Definition orthr (X : {vspace V}) : {vspace V} :=
  (\bigcap_(i < \dim X) lker (linfun (formr (vbasis X)`_i)))%VS.

Lemma orthrP (X : {vspace V}) v :
  reflect (forall u, u \in X -> b u v = 0) (v \in orthr X).
Proof.
rewrite memvE; apply: (iffP subv_bigcapP) => [orth_basis u uX | orth_X i _].
  rewrite (coord_vbasis uX) -[b _ v]/(forml v _) linear_sum big1 // => i _.
  have := orth_basis i isT; rewrite -memvE memv_ker lfunE /= => /eqP.
  by rewrite linearZ /= /forml /formr => ->; rewrite mulr0.
by rewrite -memvE memv_ker lfunE /= /formr orth_X ?vbasis_mem ?memt_nth.
Qed.

Lemma dimv_lker_form u : (\dim {:V} <= \dim (lker (linfun (formr u))) + 1)%N.
Proof.
have := limg_ker_dim (linfun (formr u)) fullv; rewrite capfv => <-.
by rewrite leq_add2l (leq_trans (dimvS (subvf _))) // dimvf.
Qed.

Lemma dimv_bigcap_ge n (K : 'I_n -> {vspace V}) :
  (forall i, \dim {:V} <= \dim (K i) + 1)%N ->
  (\dim {:V} <= \dim (\bigcap_(i < n) K i)%VS + n)%N.
Proof.
elim: n K => [|n IHn] K codim_K; first by rewrite big_ord0 addn0.
rewrite big_ord_recr /=.
have := IHn (fun i => K (widen_ord (leqnSn n) i)) (fun i => codim_K _).
have := codim_K ord_max; set A := (\bigcap_(i < n) _)%VS; set B := K ord_max.
have := dimv_sum_cap A B; have := dimvS (subvf (A + B)); lia.
Qed.

Lemma orthrS (X Y : {vspace V}) : (X <= Y)%VS -> (orthr Y <= orthr X)%VS.
Proof.
move=> sXY; apply/subvP => v /orthrP orth_Y.
by apply/orthrP => u /(subvP sXY); apply: orth_Y.
Qed.

Lemma orthr_full : orthr fullv = 0%VS.
Proof.
apply/vspaceP => v; rewrite memv0; apply/orthrP/eqP => [orth_v|->].
  by apply: b_nondegr => u; apply: orth_v; rewrite memvf.
by move=> u _; apply: (linear0 (formr u)).
Qed.

Lemma orthr_add (X Y : {vspace V}) : orthr (X + Y) = (orthr X :&: orthr Y)%VS.
Proof.
apply/vspaceP => v; rewrite memv_cap; apply/orthrP/andP => [orth_v|].
  split; apply/orthrP => u u_in; apply: orth_v.
    by rewrite (subvP (addvSl X Y)).
  by rewrite (subvP (addvSr X Y)).
case=> /orthrP orth_X /orthrP orth_Y u /memv_addP[x xX [y yY ->]].
by rewrite -[x]scale1r b_linl orth_X // orth_Y // mulr0 addr0.
Qed.

Lemma dim_orthr (X : {vspace V}) : \dim (orthr X) = (\dim {:V} - \dim X)%N.
Proof.
have orthr_ge Y : (\dim {:V} <= \dim (orthr Y) + \dim Y)%N.
  by apply: dimv_bigcap_ge => i; apply: dimv_lker_form.
have := orthr_ge X; have := orthr_ge X^C%VS; have := dimv_compl X.
have := dimv_sum_cap (orthr X) (orthr X^C%VS).
rewrite -orthr_add addv_complf orthr_full dimv0 addn0.
have := dimvS (subvf (orthr X + orthr X^C%VS)); have := dimvS (subvf X); lia.
Qed.

End OrthogonalComplement.

Section Biorthogonality.
Variables (F : fieldType) (V : vectType F) (b : V -> V -> F).
Hypothesis b_linl : forall v c u u', b (c *: u + u') v = c * b u v + b u' v.
Hypothesis b_linr : forall u c v v', b u (c *: v + v') = c * b u v + b u v'.
Hypothesis b_nondegl : forall u, (forall v, b u v = 0) -> u = 0.
Hypothesis b_nondegr : forall v, (forall u, b u v = 0) -> v = 0.

Definition orthl (X : {vspace V}) : {vspace V} := orthr (fun u v => b v u) X.

Lemma orthlP (X : {vspace V}) u :
  reflect (forall v, v \in X -> b u v = 0) (u \in orthl X).
Proof. exact: orthrP. Qed.

Lemma orthlS (X Y : {vspace V}) : (X <= Y)%VS -> (orthl Y <= orthl X)%VS.
Proof. exact: orthrS. Qed.

Lemma dim_orthl (X : {vspace V}) : \dim (orthl X) = (\dim {:V} - \dim X)%N.
Proof. exact: dim_orthr. Qed.

Lemma orthrK (X : {vspace V}) : orthl (orthr b X) = X.
Proof.
apply/eqP; rewrite eq_sym eqEdim dim_orthl (dim_orthr b_linl b_linr b_nondegr).
rewrite subKn ?dimvS ?subvf ?leqnn ?andbT //.
apply/subvP => u uX; apply/orthlP => v /(orthrP b_linl b_linr); exact.
Qed.

Lemma orthlK (Y : {vspace V}) : orthr b (orthl Y) = Y.
Proof.
apply/eqP; rewrite eq_sym eqEdim (dim_orthr b_linl b_linr b_nondegr) dim_orthl.
rewrite subKn ?dimvS ?subvf ?leqnn ?andbT //.
apply/subvP => v vY; apply/(orthrP b_linl b_linr) => u /orthlP; exact.
Qed.

End Biorthogonality.

Section Trace.
Variables (F : finFieldType) (L : fieldExtType F).
Local Notation q := #|F|.
Local Notation m := (\dim {:L}).

Lemma pchar_nat_card : [pchar L].-nat q.
Proof.
have [p _ pcharFp] := finPcharP F.
have := abelem_pgroup (fin_ring_pchar_abelem pcharFp).
rewrite pgroupE cardsT => p_nat_q.
have pcharLp : p \in [pchar L] by rewrite (pchar_lalg L).
by rewrite (eq_pnat _ (pcharf_eq pcharLp)).
Qed.

Lemma exprD_card_exp (x y : L) i : (x + y) ^+ (q ^ i) = x ^+ (q ^ i) + y ^+ (q ^ i).
Proof. by apply: exprDn_pchar; rewrite pnatX pchar_nat_card. Qed.
Lemma psd_trine_kernel2 (A : 'M[C]_2) (j k : 'I_3) : j != k -> psd A ->
  expval A (s j) = 0 -> expval A (s k) = 0 -> A = 0.
Proof.
move=> jk hA Aj; rewrite (psd_trine_kernel hA Aj) expval_rank1 trine_perp_overlap.
rewrite (negPf jk) => /eqP; rewrite mulf_eq0 mulf_eq0 invr_eq0 !pnatr_eq0 !orbF.
by move/eqP => ->; rewrite scale0r.
Qed.

Lemma trine_product_singlet (i j k : 'I_3) (a b : C) :
  i != j -> j != k -> i != k ->
  3^-1 * (expval (a *: outer (t j)) (s i) * expval (b *: outer (t k)) (s i)) =
  4^-1 * expval (kron (a *: outer (t j)) (b *: outer (t k))) singlet.
Proof.
move=> ij jk ik; rewrite !expval_rank1 kronZl kronZr scalerA kron_rank1.
rewrite expval_rank1 inner_singlet [RHS]mulrCA.
by rewrite -(trine_singlet_identity C ij jk ik); ring.
Qed.

Lemma product_term_bound (A B : 'M[C]_2) (i j k : 'I_3) :
  i != j -> j != k -> i != k -> psd A -> psd B ->
  expval A (s j) * expval B (s j) = 0 ->
  expval A (s k) * expval B (s k) = 0 ->
  3^-1 * (expval A (s i) * expval B (s i)) <= 4^-1 * expval (kron A B) singlet.
Proof.
move=> ij jk ik hA hB /eqP; rewrite mulf_eq0 => /orP[/eqP Aj|/eqP Bj] /eqP;
  rewrite mulf_eq0 => /orP[/eqP Ak|/eqP Bk].
- by rewrite (psd_trine_kernel2 jk hA Aj Ak) kron0l !expval0 mul0r !mulr0.
- rewrite (psd_trine_kernel hA Aj) (psd_trine_kernel hB Bk).
  by rewrite trine_product_singlet.
- rewrite eq_sym in jk; rewrite (psd_trine_kernel hA Ak) (psd_trine_kernel hB Bj).
  by rewrite trine_product_singlet.
- by rewrite (psd_trine_kernel2 jk hB Bj Bk) kron0r !expval0 !mulr0.
Qed.

End ProductBound.

Notation conclusive P i := (P (widen_ord (leqnSn 3) i)).

Section SumsOfProducts.
Variable C : numClosedFieldType.

Definition sum_of_products dA dB (M : 'M[C]_(dA * dB)) : Prop :=
  exists s : seq ('M[C]_dA * 'M[C]_dB),
    (forall x, x \in s -> psd x.1 /\ psd x.2) /\ M = \sum_(x <- s) kron x.1 x.2.

Lemma sum_seq_eq0 (T : eqType) (s : seq T) (F : T -> C) :
  (forall x, x \in s -> 0 <= F x) -> \sum_(x <- s) F x = 0 ->
  forall x, x \in s -> F x = 0.
Proof.
move=> F0; rewrite big_seq_cond => /eqP; rewrite psumr_eq0 => [/allP h x xs|x].
  by have := h x xs; rewrite xs => /eqP.
by case/andP => xs _; apply: F0.
Qed.

Lemma other_indices (i : 'I_3) : exists j k : 'I_3, [/\ i != j, j != k & i != k].
Proof.
case_I3 i.
- by exists (@Ordinal 3 1 isT), (@Ordinal 3 2 isT).
- by exists (@Ordinal 3 0 isT), (@Ordinal 3 2 isT).
- by exists (@Ordinal 3 0 isT), (@Ordinal 3 1 isT).
Qed.

Lemma conclusive_product_bound (P : 'I_4 -> 'M[C]_(2 * 2)) (i : 'I_3) :
  (forall o, psd (P o)) -> unambiguous P ->
  sum_of_products (conclusive P i) ->
  3^-1 * expval (conclusive P i) (psi C i)
    <= 4^-1 * expval (conclusive P i) (singlet C).
Proof.
move=> Ppsd Pu [s [hs Es]]; have [j [k [ij jk ik]]] := other_indices i.
have term_zero l : i != l -> forall x, x \in s ->
    expval x.1 (s_vec C l) * expval x.2 (s_vec C l) = 0.
  move=> il; apply: sum_seq_eq0.
    by move=> x /hs [hA hB]; apply: mulr_ge0; [exact: hA | exact: hB].
  rewrite -[RHS](Pu i l il) Es expval_sum.
  by apply: eq_bigr => x _; rewrite /psi expval_kron.
rewrite Es !expval_sum !big_distrr /= big_seq [X in _ <= X]big_seq.
apply: ler_sum => x xs; have [hA hB] := hs x xs.
rewrite /psi expval_kron.
exact: product_term_bound ij jk ik hA hB (term_zero j ij x xs) (term_zero k ik x xs).
Qed.

(* A POVM whose conclusive elements are sums of products has success at most
   1/2: summing the previous bound, the conclusive elements see at most the
   norm |sigma|^2 = 2 of the singlet. *)
Lemma success_products_le_half (P : 'I_4 -> 'M[C]_(2 * 2)) :
  is_POVM P -> unambiguous P ->
  (forall i : 'I_3, sum_of_products (conclusive P i)) ->
  success P <= 1 / 2.
Proof.
move=> [Ppsd Psum] Pu Pprod.
have total : \sum_(i < 3) expval (conclusive P i) (singlet C)
    = 2 - expval (P ord_max) (singlet C).
  apply/eqP; rewrite eq_sym subr_eq -expval_sum -expvalD -big_ord_recr Psum.
  by rewrite expval1 singlet_norm.
rewrite /success big_distrr /=.
apply: le_trans (ler_sum _ (fun i _ => conclusive_product_bound Ppsd Pu (Pprod i))) _.
rewrite -big_distrr /= total (_ : 1 / 2 = 4^-1 * 2); last by field.
by rewrite ler_wpM2l ?invr_ge0 ?ler0n // gerBl; apply: Ppsd.
Qed.

End SumsOfProducts.

Section SeparableAndLOCC.
Variable C : numClosedFieldType.

Lemma sep_elem_sum_of_products (M : 'M[C]_(2 * 2)) : sep_elem M -> sum_of_products M.
Proof.
move=> [N [c [a [b [c0 [_ ->]]]]]].
exists [seq (c k *: outer (a k), outer (b k)) | k <- index_enum 'I_N]; split.
  move=> x /mapP [k _ ->] /=; split; first exact: psd_rank1.
  by rewrite -[outer (b k)]scale1r; apply: psd_rank1; rewrite ler01.
by rewrite big_map; apply: eq_bigr => k _; rewrite kronZl.
Qed.

Fixpoint locc_terms dA dB (p : locc C dA dB) (o : 'I_4) {struct p} :
  seq ('M[C]_dA * 'M[C]_dB) :=
  match p in locc _ a b return seq ('M[C]_a * 'M[C]_b) with
  | LLeaf _ _ l => if l == o then [:: (1%:M, 1%:M)] else [::]
  | LNodeA _ _ m d K ch =>
      flatten [seq [seq (adjm (K j) *m x.1 *m K j, x.2) | x <- locc_terms (ch j) o]
              | j <- index_enum 'I_m]
  | LNodeB _ _ m d K ch =>
      flatten [seq [seq (x.1, adjm (K j) *m x.2 *m K j) | x <- locc_terms (ch j) o]
              | j <- index_enum 'I_m]
  end.

Lemma locc_terms_spec dA dB (p : locc C dA dB) o :
  locc_eff p o = \sum_(x <- locc_terms p o) kron x.1 x.2 /\
  (forall x, x \in locc_terms p o -> psd x.1 /\ psd x.2).
Proof.
elim: p => [a b l|a b m d K ch IH|a b m d K ch IH] /=.
- case: eqP => _; last by rewrite big_nil.
  rewrite big_cons big_nil addr0 kron11; split => // x; rewrite inE => /eqP -> /=.
  by split; apply: psd1.
- split.
    rewrite big_flatten big_map /=; apply: eq_bigr => j _.
    rewrite (IH j).1 mulmx_sumr mulmx_suml big_map; apply: eq_bigr => x _ /=.
    by rewrite adjm_kron adjm1 !kron_mul mul1mx mulmx1.
  move=> x /flattenP [xs /mapP [j _ ->] /mapP [y yin ->]] /=.
  by have [h1 h2] := (IH j).2 y yin; split => //; exact: psd_congr.
- split.
    rewrite big_flatten big_map /=; apply: eq_bigr => j _.
    rewrite (IH j).1 mulmx_sumr mulmx_suml big_map; apply: eq_bigr => x _ /=.
    by rewrite adjm_kron adjm1 !kron_mul mul1mx mulmx1.
  move=> x /flattenP [xs /mapP [j _ ->] /mapP [y yin ->]] /=.
  by have [h1 h2] := (IH j).2 y yin; split => //; exact: psd_congr.
Qed.

Lemma locc_eff_sum_of_products dA dB (p : locc C dA dB) o :
  sum_of_products (locc_eff p o).
Proof. by have [E H] := locc_terms_spec p o; exists (locc_terms p o). Qed.

Lemma locc_eff_psd dA dB (p : locc C dA dB) o : psd (locc_eff p o).
Proof.
elim: p => [a b l|a b m d K ch IH|a b m d K ch IH] /=.
- by case: eqP => _; [apply: psd1 | apply: psd0].
- by apply: psd_sum => j _; apply: psd_congr.
- by apply: psd_sum => j _; apply: psd_congr.
Qed.

Lemma locc_eff_complete dA dB (p : locc C dA dB) : locc_wf p ->
  \sum_(o < 4) locc_eff p o = 1%:M.
Proof.
elim: p => [a b l|a b m d K ch IH|a b m d K ch IH] /=.
- move=> _; rewrite (bigD1 l) //= eqxx big1 ?addr0 // => o ol.
  by rewrite eq_sym (negPf ol).
- move=> [hK hch]; rewrite exchange_big /=.
  rewrite (eq_bigr (fun j => kron (adjm (K j) *m K j) (1%:M : 'M[C]_b))).
    by rewrite -kron_suml hK kron11.
  move=> j _; rewrite -mulmx_suml -mulmx_sumr (IH j (hch j)) mulmx1.
  by rewrite adjm_kron adjm1 kron_mul mulmx1.
- move=> [hK hch]; rewrite exchange_big /=.
  rewrite (eq_bigr (fun j => kron (1%:M : 'M[C]_a) (adjm (K j) *m K j))).
    by rewrite -kron_sumr hK kron11.
  move=> j _; rewrite -mulmx_suml -mulmx_sumr (IH j (hch j)) mulmx1.
  by rewrite adjm_kron adjm1 kron_mul mulmx1.
Qed.

Lemma LOCC_POVM_products (P : 'I_4 -> 'M[C]_(2 * 2)) : is_LOCC_POVM P ->
  is_POVM P /\ forall o, sum_of_products (P o).
Proof.
move=> [p [wf hP]]; split; last by move=> o; rewrite hP; exact: locc_eff_sum_of_products.
split; first by move=> o; rewrite hP; exact: locc_eff_psd.
by rewrite (eq_bigr _ (fun o _ => hP o)) locc_eff_complete.
Qed.

End SeparableAndLOCC.

Section GlobalBound.
Variable C : numClosedFieldType.

Lemma inner_psi (a b : 'I_3) : inner (psi C a) (psi C b) = if a == b then 1 else 4^-1.
Proof. by rewrite /psi inner_kron inner_trine; case: eqP => _; [rewrite mulr1 | field]. Qed.

(* An unambiguous element P_c sees psi_a - psi_b exactly as it sees the one
   of psi_a, psi_b with index c (and as zero if c is neither): all cross terms
   vanish since P_c has zero expectation on the other state. *)
Lemma expval_psi_diff (P : 'I_4 -> 'M[C]_(2 * 2)) (a b c : 'I_3) :
  (forall o, psd (P o)) -> unambiguous P -> a != b ->
  expval (conclusive P c) (psi C a - psi C b) =
    (if c == a then expval (conclusive P c) (psi C a) else 0) +
    (if c == b then expval (conclusive P c) (psi C b) else 0).
Proof.
move=> Ppsd Pu ab; rewrite expvalB.
have [ca|ca] := eqVneq c a; have [cb|cb] := eqVneq c b.
- by move: ab; rewrite -ca -cb eqxx.
- have z := Pu c b cb; have [x1 x2] := psd_cross_eq0 (psi C a) (Ppsd _) z.
  by rewrite z x1 x2 !subr0 addr0.
- have z := Pu c a ca; have [x1 x2] := psd_cross_eq0 (psi C b) (Ppsd _) z.
  by rewrite z x1 x2 !subr0.
- have za := Pu c a ca; have zb := Pu c b cb.
  have [x1 x2] := psd_cross_eq0 (psi C b) (Ppsd _) za.
  by rewrite za zb x1 x2 !subr0 addr0.
Qed.

(* Two conclusive probabilities sum to at most |psi_a - psi_b|^2 = 3/2. *)
Lemma pair_success_le (P : 'I_4 -> 'M[C]_(2 * 2)) : is_POVM P -> unambiguous P ->
  forall a b : 'I_3, a != b ->
  expval (conclusive P a) (psi C a) + expval (conclusive P b) (psi C b) <= 3 / 2.
Proof.
move=> [Ppsd Psum] Pu a b ab; set phi := psi C a - psi C b.
have total : \sum_(c < 3) expval (conclusive P c) phi + expval (P ord_max) phi = 3 / 2.
  rewrite -expval_sum -expvalD -big_ord_recr Psum expval1 /phi.
  rewrite !innerBl !innerBr !inner_psi !eqxx (negPf ab) eq_sym (negPf ab).
  by field.
rewrite (eq_bigr _ (fun c _ => expval_psi_diff c Ppsd Pu ab)) big_split /= in total.
rewrite -!big_mkcond !big_pred1_eq in total.
by rewrite -total lerDl; apply: Ppsd.
Qed.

_ _ _ _ _

Assignment -
Reproducing the whole listing above is not the task. Copy exactly only the lines from the one with "is_POVM P /\" to the one with "- have za := Pu c a ca; have zb := Pu c b cb.", both kept.

Exercise answer -
  is_POVM P /\ forall o, sum_of_products (P o).
Proof.
move=> [p [wf hP]]; split; last by move=> o; rewrite hP; exact: locc_eff_sum_of_products.
split; first by move=> o; rewrite hP; exact: locc_eff_psd.
by rewrite (eq_bigr _ (fun o _ => hP o)) locc_eff_complete.
Qed.

End SeparableAndLOCC.

Section GlobalBound.
Variable C : numClosedFieldType.

Lemma inner_psi (a b : 'I_3) : inner (psi C a) (psi C b) = if a == b then 1 else 4^-1.
Proof. by rewrite /psi inner_kron inner_trine; case: eqP => _; [rewrite mulr1 | field]. Qed.

(* An unambiguous element P_c sees psi_a - psi_b exactly as it sees the one
   of psi_a, psi_b with index c (and as zero if c is neither): all cross terms
   vanish since P_c has zero expectation on the other state. *)
Lemma expval_psi_diff (P : 'I_4 -> 'M[C]_(2 * 2)) (a b c : 'I_3) :
  (forall o, psd (P o)) -> unambiguous P -> a != b ->
  expval (conclusive P c) (psi C a - psi C b) =
    (if c == a then expval (conclusive P c) (psi C a) else 0) +
    (if c == b then expval (conclusive P c) (psi C b) else 0).
Proof.
move=> Ppsd Pu ab; rewrite expvalB.
have [ca|ca] := eqVneq c a; have [cb|cb] := eqVneq c b.
- by move: ab; rewrite -ca -cb eqxx.
- have z := Pu c b cb; have [x1 x2] := psd_cross_eq0 (psi C a) (Ppsd _) z.
  by rewrite z x1 x2 !subr0 addr0.
- have z := Pu c a ca; have [x1 x2] := psd_cross_eq0 (psi C b) (Ppsd _) z.
  by rewrite z x1 x2 !subr0.
- have za := Pu c a ca; have zb := Pu c b cb.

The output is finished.